Your goal
In the listing that follows, count each line where the word "reinforced" appears; write nothing but the count.
== Dataset excerpts ==
(* Let $(w_k)_{k\ge0}$ be a sequence of positive real numbers and let $\mathbb{P}$ denote the law of the vertex reinforced random walk on $\mathbb{Z}$ with weight $(w_k)_{k\ge0}$ started at $0$. If under $\mathbb{P}$ the site $0$ has positive probability to be visited only finitely many times, then for every $w=(w_k(x))_{x\in\mathbb{Z},k\ge0}\in(0,\infty)^{\mathbb{Z}\times\mathbb{N}}$ such that $w_k(x)=w_k$ for all $x\ge0$ and $k\ge0$, the probability under $\mathbb{P}_w$ that $0$ is visited only at time $0$ is positive. In particular $\mathbb{P}(X_n>0 \text{ for all } n>0)>0$.
   Context: For an environment $w=(w_k(x))_{x\in\mathbb{Z},k\ge0}$ of positive reals, $\mathbb{P}_w$ is the law of the process $(X_n)_{n\ge0}$ with $X_0=0$ and, for all $n\ge0$, on $\{X_n=x\}$, $$\mathbb{P}_w(X_{n+1}=X_n\pm1\mid\mathcal{F}_n)=\frac{w_{Z_n(x\pm1)}(x\pm1)}{w_{Z_n(x-1)}(x-1)+w_{Z_n(x+1)}(x+1)},$$ where $(\mathcal{F}_n)$ is the natural filtration of $X$ and $Z_n(y)=\#\{m\le n: X_m=y\}$. The law $\mathbb{P}$ of the vertex reinforced random walk with weight $(w_k)$ is $\mathbb{P}_w$ with $w_k(x)=w_k$ for all $x,k$. *)

From Stdlib Require Export Reals ZArith List.
Import ListNotations.
Open Scope R_scope.

(* An environment w = (w_k(x)) : [env_w k x] is w_k(x). *)
Definition env := nat -> Z -> R.

Fixpoint cnt (y : Z) (h : list Z) : nat :=
  match h with
  | nil => 0%nat
  | a :: t => ((if Z.eq_dec a y then 1 else 0) + cnt y t)%nat
  end.

(* Given the history h = [X_0; ...; X_n] (so that cnt y h = Z_n(y)),
   probability under P_w that X_{n+1} = X_n + 1 (up = true) or
   X_n - 1 (up = false). *)
Definition step (w : env) (h : list Z) (up : bool) : R :=
  let x := last h 0%Z in
  let a := w (cnt (x + 1)%Z h) (x + 1)%Z in
  let b := w (cnt (x - 1)%Z h) (x - 1)%Z in
  (if up then a else b) / (a + b).

Definition nextpos (x : Z) (up : bool) : Z := if up then (x + 1)%Z else (x - 1)%Z.

Fixpoint pprob (w : env) (h : list Z) (ds : list bool) : R :=
  match ds with
  | nil => 1
  | d :: t => step w h d * pprob w (h ++ [nextpos (last h 0%Z) d]) t
  end.

Fixpoint traj (x : Z) (ds : list bool) : list Z :=
  match ds with
  | nil => nil
  | d :: t => nextpos x d :: traj (nextpos x d) t
  end.

Fixpoint allds (n : nat) : list (list bool) :=
  match n with
  | O => [nil]
  | S m => map (cons true) (allds m) ++ map (cons false) (allds m)
  end.

(* P_w(E) for an event E depending on the path (X_0, ..., X_n) only, X_0 = 0 *)
Definition prob_first (w : env) (n : nat) (E : list Z -> bool) : R :=
  fold_right Rplus 0
    (map (fun ds => if E (0%Z :: traj 0%Z ds) then pprob w [0%Z] ds else 0)
         (allds n)).

(* the path p = [X_0; ...; X_n] satisfies X_m <> 0 for all N <= m <= n *)
Definition avoid0_from (N : nat) (p : list Z) : bool :=
  forallb (fun x => negb (Z.eqb x 0)) (skipn N p).

Definition positive_after0 (p : list Z) : bool :=
  forallb (fun x => Z.ltb 0 x) (tl p).

(* the environment of the VRRW with weight (w_k) *)
Definition const_env (ws : nat -> R) : env := fun k _ => ws k.

From Stdlib Require Import Reals ZArith List Lra Lia Classical.
Import ListNotations.
Open Scope R_scope.

(* If 0 is avoided from time N on with positive probability, some fixed prefix of length N
   keeps a positive conditional probability of never visiting 0 again, and the walk then
   stays on the side of its position at time N.  The transition probabilities only depend on
   the local times at the two neighbours of the current position, so the continuation can be
   coupled with a walk started after a positive prefix having the same local times on that
   side: reflect and shift that side by 3 and fold the other one onto {1, 2}.  This gives
   P(X_n > 0 for all n > 0) > 0, and the same coupling with the identity map compares P_w
   with P once both walks have stepped to 1, because w and (w_k) agree on [0, oo). *)

Definition indicator (E : list Z -> bool) (h : list Z) : R := if E h then 1 else 0.

Definition extend (h : list Z) (d : bool) : list Z := h ++ [nextpos (last h 0%Z) d].

Fixpoint expect (w : env) (h : list Z) (n : nat) (g : list Z -> R) : R :=
  match n with
  | O => g h
  | S n => step w h true * expect w (extend h true) n g
         + step w h false * expect w (extend h false) n g
  end.

Definition prefix_closed (E : list Z -> bool) : Prop :=
  forall h l, E (h ++ l) = true -> E h = true.
Lemma sum_prob_outcome_expR (lam : R) n :
  \sum_(b : {ffun 'I_n -> bool})
     (\prod_(j < n) (if b j then p else 1 - p)) * expR (lam * (ntrue b)%:R) =
  (p * expR lam + (1 - p)) ^+ n.
Proof.
pose F (x : bool) := (if x then p else 1 - p) * expR (lam * (x : nat)%:R).
transitivity (\sum_(b : {ffun 'I_n -> bool}) \prod_(j < n) F (b j)).
  apply: eq_bigr => b _; rewrite big_split /=; congr (_ * _).
  by rewrite /ntrue natr_sum mulr_sumr expR_sum.
rewrite -(bigA_distr_bigA (fun _ => F)) /=; under eq_bigr do rewrite big_bool.
by rewrite prodr_const card_ord /F /= mulr1 mulr0 expR0 mulr1.
Qed.

Lemma prob_successes_ge (c lam : R) n : 0 <= lam ->
  (P [set w | (c * n%:R <= (successes n w)%:R)%R] <=
   (((p * expR lam + (1 - p)) / expR (lam * c)) ^+ n)%:E)%E.
Proof.
move=> lam0; have /andP[p0 p1] := bernoulli_seq_param ha.
have weight_ge0 (b : {ffun 'I_n -> bool}) :
    0 <= \prod_(j < n) (if b j then p else 1 - p).
  by apply: prodr_ge0 => j _; case: (b j); rewrite ?subr_ge0.
rewrite successes_geE.
apply: le_trans (measure_bigsetU_le P _ _ _ (measurable_outcome n)) _.
rewrite (eq_bigr _ (fun b _ => prob_outcome n b)).
rewrite sumEFin lee_fin expr_div_n -sum_prob_outcome_expR mulr_suml.
(* exponential Markov bound: expR (lam (ntrue b - c n)) >= 1 on the outcomes counted *)
rewrite [leRHS](bigID (fun b => c * n%:R <= (ntrue b)%:R)) /= ler_wpDr //.
  apply: sumr_ge0 => b _; apply: divr_ge0; last by rewrite exprn_ge0 ?expR_ge0.
  by rewrite mulr_ge0 ?expR_ge0.
apply: ler_sum => b cb; rewrite -mulrA ler_peMr // ler_pdivlMr ?exprn_gt0 ?expR_gt0 //.
by rewrite mul1r -expRM_natl ler_expR mulrCA ler_wpM2l // mulrC.
Qed.

Lemma successes_lt_ae (c : R) : p < c ->
  {ae P, forall w, \forall n \near \oo, (successes n w)%:R < c * n%:R}.
Proof.
move=> pc; have /andP[p0 _] := bernoulli_seq_param ha.
have [lam lam0 q01] := chernoff_rate p0 pc.
have mF n : measurable [set w | c * n%:R <= (successes n w)%:R].
  by rewrite successes_geE; apply: bigsetU_measurable => b _; exact: measurable_outcome.
have sumF : (\sum_(n <oo) P [set w | (c * n%:R <= (successes n w)%:R)%R] < +oo)%E.
  apply: le_lt_trans (nneseries_geometric_lty q01).
  by apply: lee_nneseries => [n _ _|n _]; [exact: measure_ge0|exact: prob_successes_ge].
apply: filterS (borel_cantelli_ae P mF sumF) => w.
by apply: filterS => n /=; rewrite ltNge => /negP.
Qed.

End bernoulli_sequence.
Arguments successes_lt_ae {R d Omega P a p} ha c.

Lemma successes_negb {d} {Omega : measurableType d} (a : nat -> Omega -> bool) n w :
  successes (fun i w => ~~ a i w) n w = (n - successes a n w)%N.
Proof. by rewrite /successes -{2}(size_iota 0 n) -(count_predC (a^~ w)) addKn. Qed.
===
Your response
2